The world isn’t broken, it was built this way
From Congo to Gaza, the machinery of empire hides behind the language of aid and development.

Photo by Marcel Strauß on Unsplash.
Much of what we accept as global “progress” today rests on invisible systems of extraction, debt, and control. Beneath the surface of development promises lie patterns of engineered poverty, intentional designs masked as economic aid. I wanted to understand how entire nations rich in resources, like Congo, the Philippines, and many others across Africa and the Middle East, were left in ruin. How economies were engineered to starve.
Reading Confessions of an Economic Hit Man by John Perkins gave language to what I had always sensed but couldn’t yet name. The book didn’t just explain what’s happening or why it happens—but showed how it works. How the trap is set. How countries are offered loans under the promise of development, and then, when the economy inevitably fails to meet those projections, the debt becomes a tool of leverage. A means of control.
This model of empire does not rely on visible occupation. Instead, it enlists economists, consultants, and development agencies to do the work of colonization. These actors, knowingly or not, maintain the illusion that what is being offered is progress. But the progress is selective. The wealth often stays in the hands of a small elite, while the rest of the population are left to deal with the consequences: famine, poverty, crumbling health care, and rising debt. These aren’t just economic outcomes. They shape people’s lives, bodies, and futures in deeply uneven ways.

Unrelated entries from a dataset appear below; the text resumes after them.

Lemma DA_truthful_list_stable_deviation t :
  list_stable LF (upd t w l') (DA LF (upd t w (TW w))).
Proof.
set muT := DA LF (upd t w (TW w)).
have muT_stable := DA_list_stable (upd t w (TW w)) truthful_firm_uniq.
have [muT_match _ _] := muT_stable.
case Ea: (muT w) => [a|]; last first.
  by apply: list_stable_upd_unmatched muT_stable Ea _ => g; rewrite mem_truthful_worker.
set D := DA LF (upd (captured muT) w l').
have [_ D_ir D_nb] := DA_list_stable (upd (captured muT) w l') truthful_firm_uniq.
have ED : D w = Some a.
  have := l'_ge_truth (captured_uniq muT).
  rewrite {1}/worker_util (DA_captured_partner truthful_firm_uniq Ea).
  exact: DA_captured_truthful_partner Ea.
apply: list_stable_upd muT_stable _ _ => [g|g wg gl' lt_rank].
  by rewrite Ea => -[<-]; move: (D_ir _ _ ED).1; rewrite upd_at.
rewrite /worker_prefers Ea upd_at => lt_ga.
apply: (D_nb g w wg); first by rewrite upd_at.
  apply: (firm_rank_DA_captured truthful_firm_uniq muT_match _ lt_rank).
  by rewrite ED; apply: contraTneq lt_ga => -[->]; rewrite ltnn.
by rewrite /worker_prefers ED upd_at.
Qed.

Lemma truthful_not_dominated t :
  ~ worker_util uw (DA LF (upd t w (TW w))) w < worker_util uw (DA LF (upd t w l')) w.
Proof.
rewrite {2}/worker_util; case Ef': (DA LF (upd t w l') w) => [f'|]; last first.
  by rewrite ltNge worker_util_ge0.
rewrite (DA_eq_of_cross_stable truthful_firm_uniq (DA_truthful_list_stable_deviation t)
  (DA_deviation_list_stable_truthful Ef')).
by rewrite /worker_util Ef' ltxx.
Qed.

End Undominated.

End TruthfulReports.

Theorem proposition0 (R : realFieldType) (m n : nat) (Theta : finType)
  (Psi : Theta -> R) (uf : Theta -> 'I_m -> 'I_n -> R) (uw : 'I_m -> 'I_n -> R) :
  (forall th, 0 < Psi th) ->
  \sum_(th : Theta) Psi th = 1 ->
  (forall th f w, 0 < uf th f w) ->
  (forall f w, 0 < uw f w) ->
  (forall th f, injective (uf th f)) ->
  (forall w, injective (fun f => uw f w)) ->
  (forall th, exists! mu : matching m n, stable (uf th) uw mu) ->
  exists s : 'I_n -> seq 'I_m,
    [/\ (forall w, uniq (s w)),
        BNE Psi uf uw s,
        (forall w, ~ weakly_dominated uf uw w (s w)) &
        (forall th, stable (uf th) uw (DA (truthful_firm_lists (uf th)) s))].
Proof.
move=> Psi_gt0 _ uf_gt0 uw_gt0 uf_inj uw_inj unique_stable.
exists (truthful_worker_lists uw); split.
- exact: truthful_worker_uniq.
- move=> w l _; apply: ler_sum => th _; apply: ler_wpM2l; first exact: ltW.
  apply: (truthful_best_response (uf_gt0 th) uw_gt0 (uf_inj th) uw_inj) => mu1 mu2 stable1 stable2.
  have [mu0 [_ only_mu0]] := unique_stable th.
  by rewrite -(only_mu0 _ stable1) -(only_mu0 _ stable2).
- move=> w [l' [_ ge_truth [th [t [t_uniq lt_truth]]]]].
  exact: (truthful_not_dominated uw_gt0 uw_inj (fun t t_uniq => ge_truth th t t_uniq) lt_truth).
- move=> th; exact: (DA_truthful_stable (uf_gt0 th) uw_gt0 (uf_inj th) uw_inj).
Qed.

We’ve seen this strategy unfold before. In Vietnam and Iraq, the pattern repeated. First come the economic hit men offering loans too large to repay, tied to development projects designed to benefit foreign companies. If leaders resist, the CIA-backed forces are sent in—coups, assassinations, destabilization. And if that fails, the military steps in under the banner of liberation and democracy. Iraq was never about weapons of mass destruction. It was about reshaping an entire economy: rewriting oil laws, enforcing sweeping privatization, and funneling reconstruction contracts to US corporations. None of it was accidental. The script is clear: seduce, threaten, invade. Always in the name of democracy, progress, or humanitarian concern, which, as Perkins notes, “is almost laughable given how these missions unfold in the most brutal, inhumane ways imaginable.”
In places like Sudan, the tools have shifted—less about development banks, more about proxy wars and resource deals. Gold is smuggled out while militias are armed by Gulf powers, and economic collapse becomes the backdrop for a new kind of control.
Think about Gaza. In 2023, while the world watched in horror, something else moved beneath the rubble. Gaza, long portrayed as poor and dependent, sits on rich offshore gas reserves. But Palestinians have never had real control over them. Deals were made—with British companies, with Israeli conditions, with foreign hands—but never with Gaza itself. And when economic pressure failed and resistance held, the narrative shifted: terror, security, retaliation. Then came the force. In a moment of global energy crisis, Gaza’s gas mattered again. This wasn’t just war. It was extraction—without consent, without sovereignty.
The book is not perfect. It is shaped by the personal guilt of the author, whose perspective as a former “economic hit man” is at times self-centered. Still, the structural pattern it reveals aligns with decades of postcolonial (“if we can even call it that while colonization is still ongoing”) and economic critique. It confirms what many in the Global South have long argued: that underdevelopment is not a natural condition, but the product of external manipulation.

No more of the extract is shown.